Lemma AC_N_on_some_cylinder K c0 L0 d0 : is_compactP k A theta K ->
  inSFTR k A c0 -> 0 < d0 -> (forall q, box k A L0 d0 c0 q -> K q) ->
  (forall q, K q -> exists N, AC_N k A f N p q) ->
  exists N v L d, AC_N_on_cylinder N v L d.
Proof.
  intros HK Hc0 Hd0 HK0 HAC; apply NNPP; intros Hne.
  assert (Hno : forall N v L d, ~ AC_N_on_cylinder N v L d)
    by (intros N v L d Hcyl; apply Hne; eauto).
  set (valid := fun b : Pt * nat * R => inSFTR k A (fst (fst b)) /\ 0 < snd b).
  set (inb := fun (b : Pt * nat * R) q => box k A (snd (fst b)) (snd b) (fst (fst b)) q).
  destruct (choice (fun (nb : nat * (Pt * nat * R)) b' => valid (snd nb) ->
    valid b' /\ (forall q, inb b' q -> inb (snd nb) q) /\
    (forall q, inb b' q -> ~ AC_N k A f (fst nb) p q))) as [next Hnext].
  { intros [n [[c L] d]]; destruct (classic (valid (c, L, d))) as [[Hc Hd]|Hinv].
    - destruct (box_avoiding_AC_N n c L d Hno Hc Hd) as [c' [L' [d' [Hc' [Hd' [Hsub Hdisj]]]]]].
      exists (c', L', d'); intros _; split; [split|split]; auto.
    - exists (c, L, d); intros Hv; contradiction. }
  set (bs := nat_rect (fun _ => (Pt * nat * R)%type) (c0, L0, d0) (fun n b => next (n, b))).
  assert (Hvalid : forall n, valid (bs n)).
  { induction n as [|n IH]; [split; auto|apply (Hnext (n, bs n)); auto]. }
  assert (Hnest : forall n m q, (n <= m)%nat -> inb (bs m) q -> inb (bs n) q).
  { intros n m q Hnm; induction Hnm as [|m Hnm IH]; auto.
    intros Hq; apply IH, (proj1 (proj2 (Hnext (m, bs m) (Hvalid m)))), Hq. }
  destruct (compact_nested k A theta K (fun n => inb (bs n)) HK) as [q [Hq Hall]]; auto.
  - intros n; apply box_compl_open; auto.
  - intros n; exists (fst (fst (bs n))).
    assert (Hcenter : inb (bs n) (fst (fst (bs n)))).
    { split; [apply Hvalid|split; [apply agree_refl|]].
      rewrite Rminus_diag, Rabs_R0; apply Rlt_le, Hvalid. }
    split; auto; apply HK0, (Hnest 0%nat n); auto; lia.
  - destruct (HAC q Hq) as [N HN].
    apply ((proj2 (proj2 (Hnext (N, bs N) (Hvalid N)))) q); auto; apply (Hall (S N)).
Qed.

Lemma AC_N_near_of_AC N0 v Lv dv q : AC_N_on_cylinder N0 v Lv dv ->
  inSFTR k A q -> AC k A f p q ->
  exists N L d, 0 < d /\ forall q', inSFTR k A q' -> near L d q q' -> AC_N k A f N p q'.
Proof.
  intros [Hdv [Hv Hball]] Hq HACq.
  destruct (AC_N_of_AC k A f p q HACq) as [M [m [Hm Hc]]].
  destruct (Hball v Hv (near_refl Lv dv v Hdv)) as [m0 [Hm0 Hc0]].
  set (W := Nat.max M N0).
  assert (Hqv : chainN k A f W q (m + m0) v).
  { eapply chain_app; [apply (chain_rev k A f W p m q Hp)|];
      (eapply chain_mono; [|eauto]); unfold W; lia. }
  destruct (chain_shadow k A theta f C0 Htheta HC0 Hlip W q (m + m0) v Hq Hqv Lv dv Hdv)
    as [L [d [Hd Hsh]]].
  exists (N0 + M + N0 + W)%nat, L, d; split; auto; intros q' Hq' Hnear.
  destruct (Hsh q' Hq' Hnear) as [v' [Hc' Hnear']].
  destruct (Hball v' (chain_SFT k A f W q' (m + m0) v' Hq' Hc') Hnear') as [m1 [Hm1 Hc1]].
  exists (m1 + (m + m0))%nat; split; [lia|]; eapply chain_app.
  - eapply chain_mono; [|exact Hc1]; unfold W; lia.
  - eapply chain_mono; [|apply (chain_rev k A f W q' (m + m0) v' Hq' Hc')]; unfold W; lia.
Qed.

End Accessibility.

Lemma lipschitz_theta_nonneg k A theta f : 0 < theta < 1 -> lipschitz_theta k A theta f ->
  exists C0, 0 <= C0 /\ forall x y, inSFT k A x -> inSFT k A y ->
    Rabs (f x - f y) <= C0 * dtheta theta x y.
Proof.
  intros Htheta [C HC]; exists (Rabs C); split; [apply Rabs_pos|intros x y Hx Hy].
  eapply Rle_trans; [apply HC; auto|].
  apply Rmult_le_compat_r; [apply dtheta_nonneg; auto|apply RRle_abs].
Qed.

Theorem proposition9p4
  (k : nat) (A : nat -> nat -> bool) (theta : R) (f : Seq -> R)
  (K : Pt -> Prop) (p : Pt) :
  0 < theta < 1 ->
  lipschitz_theta k A theta f ->
  is_compactP k A theta K ->
  (forall q, closureP k A theta (interiorP k A theta K) q <-> K q) ->
  inSFTR k A p ->
  (forall q, K q -> AC k A f p q) ->
  exists N : nat, forall q, K q -> AC_N k A f N p q.
Proof.
  intros Htheta Hlip HK Hcl Hp HAC.
  destruct (lipschitz_theta_nonneg k A theta f Htheta Hlip) as [C0 [HC0 Hf]].
  destruct (classic (exists q, K q)) as [[q0 Hq0]|Hempty];
    [|exists 0%nat; intros q Hq; exfalso; eauto].
  destruct (proj2 (proj2 (Hcl q0) Hq0) 1 ltac:(lra)) as [c [Hc _]].
  destruct (interior_contains_box k A theta Htheta K c Hc) as [L0 [d0 [Hd0 HK0]]].
  destruct (AC_N_on_some_cylinder k A theta f C0 p Htheta HC0 Hf Hp K c L0 d0 HK)
    as [N0 [v [Lv [dv Hcyl]]]]; auto.
  { exact (proj1 (proj2 Hc)). }
  { intros q Hq; apply AC_N_of_AC, HAC; auto. }
  apply (compact_uniform k A theta Htheta K (fun N q => AC_N k A f N p q) HK).
  - intros N N' q HN; apply AC_N_mono; auto.
  - intros q Hq; apply (AC_N_near_of_AC k A theta f C0 p Htheta HC0 Hf Hp N0 v Lv dv); auto.
    apply HK; auto.
Qed.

Task prompt
The output must consist solely of the lines from the first line of the records through the line containing "- destruct (box_avoiding_AC_N", reproduced exactly.

Result below
Lemma AC_N_on_some_cylinder K c0 L0 d0 : is_compactP k A theta K ->
  inSFTR k A c0 -> 0 < d0 -> (forall q, box k A L0 d0 c0 q -> K q) ->
  (forall q, K q -> exists N, AC_N k A f N p q) ->
  exists N v L d, AC_N_on_cylinder N v L d.
Proof.
  intros HK Hc0 Hd0 HK0 HAC; apply NNPP; intros Hne.
  assert (Hno : forall N v L d, ~ AC_N_on_cylinder N v L d)
    by (intros N v L d Hcyl; apply Hne; eauto).
  set (valid := fun b : Pt * nat * R => inSFTR k A (fst (fst b)) /\ 0 < snd b).
  set (inb := fun (b : Pt * nat * R) q => box k A (snd (fst b)) (snd b) (fst (fst b)) q).
  destruct (choice (fun (nb : nat * (Pt * nat * R)) b' => valid (snd nb) ->
    valid b' /\ (forall q, inb b' q -> inb (snd nb) q) /\
    (forall q, inb b' q -> ~ AC_N k A f (fst nb) p q))) as [next Hnext].
  { intros [n [[c L] d]]; destruct (classic (valid (c, L, d))) as [[Hc Hd]|Hinv].
    - destruct (box_avoiding_AC_N n c L d Hno Hc Hd) as [c' [L' [d' [Hc' [Hd' [Hsub Hdisj]]]]]].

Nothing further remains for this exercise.